During the peak of the mortgage crisis, foreclosed homes sold at a 25% discount on average, but the market is stabilizing and the price differentiation between a home’s foreclosed valued and original market value is beginning to narrow, FNC reported.
The real estate analytics firm released a Foreclosure Market Report Monday, saying home prices are rising in many metro areas while foreclosure prices are starting to bottom out, creating some price stability.
“The fact that we are seeing a combination of rising home prices and a bottoming out of foreclosure prices is a very good sign the housing recovery is taking hold,” said Dr. Yangling Mayer, FNC Senior Research Economist. “This is the very first time in the long housing recession that the two are happening at the same time.”
By the fourth quarter of 2012, the average foreclosure discount, which is a comparison between a foreclosed home’s market value and its final sales price, had dropped to 12.2%, compared to 25% during the peak of the downturn.

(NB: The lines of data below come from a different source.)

Lemma nconsistent_bin Q F : F \subset Q -> (#|F| <= t)%N ->
  nconsistent Q F = 'C(n - #|Q|, t - #|F|).
Proof.
move=> FQ ft; rewrite /nconsistent.
have -> : [set G | consistent Q F G] =
  [set B :|: F | B in [set A : {set 'I_n} | A \subset ~: Q & #|A| == (t - #|F|)%N]].
  apply/finset.setP => G; rewrite inE; apply/idP/imsetP.
    move=> /andP[/eqP Gt /eqP GQ]; exists (G :\: Q).
      by rewrite inE finset.subDset finset.setUCr finset.subsetT /= cardsD GQ Gt.
    by rewrite -GQ finset.setUC finset.setID.
  move=> [B]; rewrite inE => /andP[BQ /eqP Bc] ->.
  have BQ0 : B :&: Q = finset.set0.
    by apply/eqP; rewrite finset.setI_eq0 finset.disjoints_subset.
  apply/andP; split.
    rewrite cardsU Bc.
    have -> : B :&: F = finset.set0.
      by apply/eqP; rewrite -finset.subset0 -BQ0 finset.setIS.
    by rewrite cards0 subn0 subnK.
  by rewrite finset.setIUl BQ0 finset.set0U (finset.setIidPl FQ).
rewrite card_in_imset; last first.
  move=> B1 B2; rewrite !inE => /andP[B1Q _] /andP[B2Q _] E.
  have: (B1 :|: F) :&: ~: Q = (B2 :|: F) :&: ~: Q by rewrite E.
  rewrite !finset.setIUl (finset.setIidPl B1Q) (finset.setIidPl B2Q).
  have -> : F :&: ~: Q = finset.set0.
    by apply/eqP; rewrite finset.setI_eq0 finset.disjoints_subset finset.setCK.
  by rewrite !finset.setU0.
by rewrite cards_draws cardsCs finset.setCK card_ord.
Qed.

Lemma nconsistent_set0 : nconsistent finset.set0 finset.set0 = 'C(n, t).
Proof.
have [nt|tn] := leqP t n; first by rewrite nconsistent_bin ?finset.sub0set ?cards0 ?subn0.
rewrite bin_small // /nconsistent; apply: eq_card0 => G; rewrite inE /consistent.
by apply/negP => /andP[/eqP Gt _]; move: (max_card G); rewrite Gt card_ord leqNgt tn.
Qed.

Lemma nconsistentS Q F i : i \notin Q -> F \subset Q ->
  nconsistent Q F = (nconsistent (i |: Q) (i |: F) + nconsistent (i |: Q) F)%N.
Proof.
move=> iQ FQ; rewrite /nconsistent -(cardsID [set G : {set 'I_n} | i \in G]).
congr (_ + _)%N; apply: eq_card => G; rewrite !inE.
  by rewrite consistentU1.
by rewrite consistentU1_notin //; case: (i \in G); rewrite /= ?andbT ?andbF.
Qed.

(* A uniformly random consistent [G] contains a given unqueried arm with
   probability [(t - #|F|) / (n - #|Q|)]. *)
Lemma nconsistent_ratio Q F i : i \notin Q -> F \subset Q ->
  (nconsistent (i |: Q) (i |: F) * (n - #|Q|) = nconsistent Q F * (t - #|F|))%N.
Proof.
move=> iQ FQ; have iF : i \notin F by apply: contra iQ; apply: (fintype.subsetP FQ).
have [ft|tf] := ltnP #|F| t; last first.
  rewrite nconsistent0 ?cardsU1 ?iF //.
  by rewrite (_ : (t - #|F|)%N = 0%N) ?muln0 //; apply/eqP; rewrite subn_eq0.
rewrite !nconsistent_bin ?finset.setUS ?cardsU1 ?iF // 1?ltnW //.
rewrite (negbTE iQ) !add1n.
have := mul_bin_diag (n - #|Q|) (t - #|F|).-1.
by rewrite prednK ?subn_gt0 // mulnC [RHS]mulnC !subnS => <-.
Qed.

End Consistent.

Lemma adv_bound_mono_arith (R : realFieldType) (s f t k u : R) :
  0 <= s -> 0 <= t - f -> 0 <= k -> 0 < u ->
  s * f + (s * k + 1) * (t - f) / (u + 1) <=
  s * f + (s * (k + 1) + 1) * (t - f) / u.
Proof.
move=> s0 tf k0 u0; rewrite lerD2l ler_pdivrMr; last lra.
rewrite mulrAC ler_pdivlMr // [X in X <= _]mulrAC [X in _ <= X]mulrAC.
by apply: ler_wpM2r => //; nra.
Qed.

Lemma adv_bound_split_arith (R : realFieldType) (s c1 c0 f t k u : R) :
  0 <= s -> 0 <= c1 -> 0 <= c0 -> 0 <= k -> 0 < u ->
  c1 * (u + 1 + k) = (c1 + c0) * (t - f) ->
  c1 * (s * (f + 1) + (s * k + 1) * (t - (f + 1)) / u) +
  c0 * (s * f + (s * k + 1) * (t - f) / u) <=
  (c1 + c0) * (s * f + (s * (k + 1) + 1) * (t - f) / u).
Proof.
move=> s0 c10 c00 k0 u0 ratio; rewrite -subr_ge0.
have -> : (c1 + c0) * (s * f + (s * (k + 1) + 1) * (t - f) / u) -
    (c1 * (s * (f + 1) + (s * k + 1) * (t - (f + 1)) / u) +
     c0 * (s * f + (s * k + 1) * (t - f) / u)) =
    (s * ((c1 + c0) * (t - f)) - c1 * s * u + c1 * (s * k + 1)) / u.
  by field; lra.
rewrite -ratio; apply: divr_ge0; last lra.
have -> : s * (c1 * (u + 1 + k)) - c1 * s * u + c1 * (s * k + 1) =
  c1 * s + 2 * (c1 * s * k) + c1 by ring.
have c1s := mulr_ge0 c10 s0; have := mulr_ge0 c1s k0; lra.
Qed.

Section Adversary.
Variables (R : realType) (n t : nat) (sig : R).
Hypothesis sig0 : 0 <= sig.
Implicit Types (G Q F : {set 'I_n}) (p : 'I_n -> R).

Definition payoff G : 'I_n -> R := fun i => (i \in G)%:R.

Definition mass p G := \sum_(i in G) p i.

(* The mass bound with [q] arms queried, [f] of them found good, and [k]
   queries left; [n - q - k] is never truncated where it is used. *)
Definition adv_bound (q f k : nat) : R :=
  sig * f%:R + (sig * k%:R + 1) * (t%:R - f%:R) / (n - q - k)%:R.

Lemma adv_bound00 k : (k <= n)%N ->
  adv_bound 0 0 k = (sig * k%:R + 1) * t%:R / (n%:R - k%:R).
Proof. by move=> kn; rewrite /adv_bound mulr0 add0r subr0 subn0 natrB. Qed.

Lemma adv_bound_queried (q f k : nat) : (q + k.+1 < n)%N -> (f <= t)%N ->
  adv_bound q f k <= adv_bound q f k.+1.
Proof.
move=> qk ft; rewrite /adv_bound.
have -> : (n - q - k = (n - q - k.+1).+1)%N by lia.
rewrite -!natr1; apply: adv_bound_mono_arith => //; rewrite ?subr_ge0 ?ler_nat //.
by rewrite ltr0n; lia.
Qed.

Single-family REO and foreclosure sales made up 18.1% of the market in the fourth quarter of 2012, down from 26.5% in the first quarter of the same year, FNC said.
In addition, the median foreclosure price stands at $93,000, while the median price for a non-distressed sale is hovering at $183,500, according to FNC.
Price discounts are still more dramatic at the lower end of the housing market, with discounts of roughly 18.4% for low-tier properties in the latest FNC report.
Michigan remains foreclosure dominant, with 56% of homes sold in the fourth quarter of 2012 classified as foreclosure sales.
The hardest hit states of Arizona (14.3%), California (19.8%), Florida (20.5%) and Nevada (13%) maintain foreclosure sale rates of roughly 13% to 20.5%, with Florida recording the most distressed property sales.
FNC notes that the Midwest cities of Detroit, Chicago, Cleveland and St. Louis still have the largest concentration of foreclosure sales overall.